Paul exhorts Jesus, emphasizing the humility, servitude, and obedience shown by Christ. Through Christ’s example, Paul illustrates the value of putting our faith and indeed our lives fully in God’s hands.
Reinforcing this idea are key verses such as Philippians 3:7-9, 3:13-14, and 4:13.
"7 But whatever were gains to me I now consider loss for the sake of Christ. 8 What is more, I consider everything a loss because of the surpassing worth of knowing Christ Jesus my Lord, for whose sake I have lost all things. I consider them garbage, that I may gain Christ 9 and be found in him, not having a righteousness of my own that comes from the law, but that which is through faith in Christ—the righteousness that comes from God on the basis of faith."
“3 Brothers and sisters, I do not consider myself yet to have taken hold of it. But one thing I do: Forgetting what is behind and straining toward what is ahead, 14 I press on toward the goal to win the prize for which God has called me heavenward in Christ Jesus.”
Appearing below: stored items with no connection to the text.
Lemma frob2_mulmx_contractive N q (Y : 'M[C]_N) (A : 'M[C]_(N, q)) :
  contractive_mx Y -> frob2 (Y *m A) <= frob2 A.
Proof.
move=> contrY; rewrite !frob2_cols; apply: ler_sum => j _.
by rewrite -lecR -!vnorm2E !colE -mulmxA.
Qed.

End ComplexMatrices.

Section NcFunctions.
Variables (R : realType) (m : nat).
Local Notation C := R[i].
Local Notation mxt N := (mxt R m N).

Lemma sum_ord_tuple (V : nmodType) n (g : forall l : nat, l.-tuple 'I_m -> V) :
  \sum_(l < n) \sum_(w : l.-tuple 'I_m) g l w =
  \sum_(lw : {l : 'I_n & l.-tuple 'I_m}) g (tag lw) (tagged lw).
Proof. exact: sig_big_dep. Qed.

Implicit Types c : seq 'I_m -> C.

Lemma psum_series N (X : mxt N) c n : psum c X n = series (hompart c X) n.
Proof. by rewrite /psum seriesEnat /= big_mkord. Qed.

Lemma psum_entry N (X : mxt N) c n i j :
  psum c X n i j = \sum_(l < n) \sum_(w : l.-tuple 'I_m) c w * mono X w i j.
Proof.
rewrite /psum summxE; apply: eq_bigr => l _; rewrite /hompart summxE.
by apply: eq_bigr => w _; rewrite mxE.
Qed.

Definition block_tuple N M (X : mxt N) (Y : mxt M) : mxt (N + M) :=
  [ffun j => block_mx (X j) 0 0 (Y j)].

Definition conj_tuple N (S : 'M[C]_N) (X : mxt N) : mxt N :=
  [ffun j => S *m X j *m invmx S].

Lemma mono_block N M (X : mxt N) (Y : mxt M) w :
  mono (block_tuple X Y) w = block_mx (mono X w) 0 0 (mono Y w).
Proof.
elim: w => [|j w IH] /=; first by rewrite -scalar_mx_block.
by rewrite IH ffunE mulmx_block !mulmx0 !mul0mx !addr0 !add0r.
Qed.

Lemma psum_block N M (X : mxt N) (Y : mxt M) c n :
  psum c (block_tuple X Y) n = block_mx (psum c X n) 0 0 (psum c Y n).
Proof.
have sum_block I (r : seq I) p q (F : I -> 'M[C]_p) (G : I -> 'M[C]_q) :
    \sum_(i <- r) block_mx (F i) 0 0 (G i) =
    block_mx (\sum_(i <- r) F i) 0 0 (\sum_(i <- r) G i).
  elim: r => [|x r IH]; first by rewrite !big_nil block_mx0.
  by rewrite !big_cons IH add_block_mx !addr0.
rewrite /psum -sum_block; apply: eq_bigr => l _; rewrite /hompart -sum_block.
by apply: eq_bigr => w _; rewrite mono_block scale_block_mx !scaler0.
Qed.

Lemma mono_conj N (S : 'M[C]_N) (X : mxt N) w : S \in unitmx ->
  mono (conj_tuple S X) w = S *m mono X w *m invmx S.
Proof.
move=> S_unit; elim: w => [|j w IH] /=; first by rewrite mulmx1 mulmxV.
by rewrite IH ffunE !mulmxA mulmxKV.
Qed.

Lemma psum_conj N (S : 'M[C]_N) (X : mxt N) c n : S \in unitmx ->
  psum c (conj_tuple S X) n = S *m psum c X n *m invmx S.
Proof.
move=> S_unit; rewrite /psum mulmx_sumr mulmx_suml; apply: eq_bigr => l _.
rewrite /hompart mulmx_sumr mulmx_suml; apply: eq_bigr => w _.
by rewrite mono_conj // -scalemxAr -scalemxAl.
Qed.

Definition contractive_tuple N (X : mxt N) := forall j, contractive_mx (X j).

Lemma contractive_tuple_block N M (X : mxt N) (Y : mxt M) :
  contractive_tuple X -> contractive_tuple Y -> contractive_tuple (block_tuple X Y).
Proof.
move=> contrX contrY j v; rewrite ffunE -(vsubmxK v) mul_block_col !mul0mx addr0 add0r.
have := contrX j (usubmx v); have := contrY j (dsubmx v).
by rewrite !vnorm2E !lecR !frob2_col_mx => leY leX; exact: lerD.
Qed.

Lemma frob2_mono_contractive N (X : mxt N) w : contractive_tuple X -> frob2 (mono X w) <= N%:R.
Proof.
move=> contrX; elim: w => [|j w IH] /=; first by rewrite frob2_1.
exact: le_trans (frob2_mulmx_contractive _ (contrX j)) IH.
Qed.

Lemma ncpolydisc_contractive N (X : mxt N) : @ncpolydisc R m N X -> contractive_tuple X.
Proof.
move=> X_in j v; have [k [k_lt1 Xv_le]] := X_in j; apply: le_trans (Xv_le v) _.
by rewrite ler_piMl ?(ltW k_lt1) // vnorm2E ler0c frob2_ge0.
Qed.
“13 I can do all this through Christ who gives me strength.”
How Do I Apply This?
These words have profound implications for us today. In the face of a chaotic and divisive world, it can be easy to feel beaten down. In our darkest moments, as we look outside ourselves to escape our suffering, Paul invites us to remember that true joy comes from God. In the midst of difficulty, we can look to the perseverance of Christ and feel strengthened. While society talks of “us vs. them”, we can lean into unity and take comfort in the knowledge that we are not alone.
It is with good reason that the Book of Philippians is such a studied and well-loved part of scripture. Loving, encouraging, and hopeful, Philippians calls us to lean into each other and, more importantly, into God. In the words of Philippians 4:4-7:
“4 Rejoice in the Lord always. I will say it again: Rejoice! 5 Let your gentleness be evident to all. The Lord is near. 6 Do not be anxious about anything, but in every situation, by prayer and petition, with thanksgiving, present your requests to God. 7 And the peace of God, which transcends all understanding, will guard your hearts and your minds in Christ Jesus.”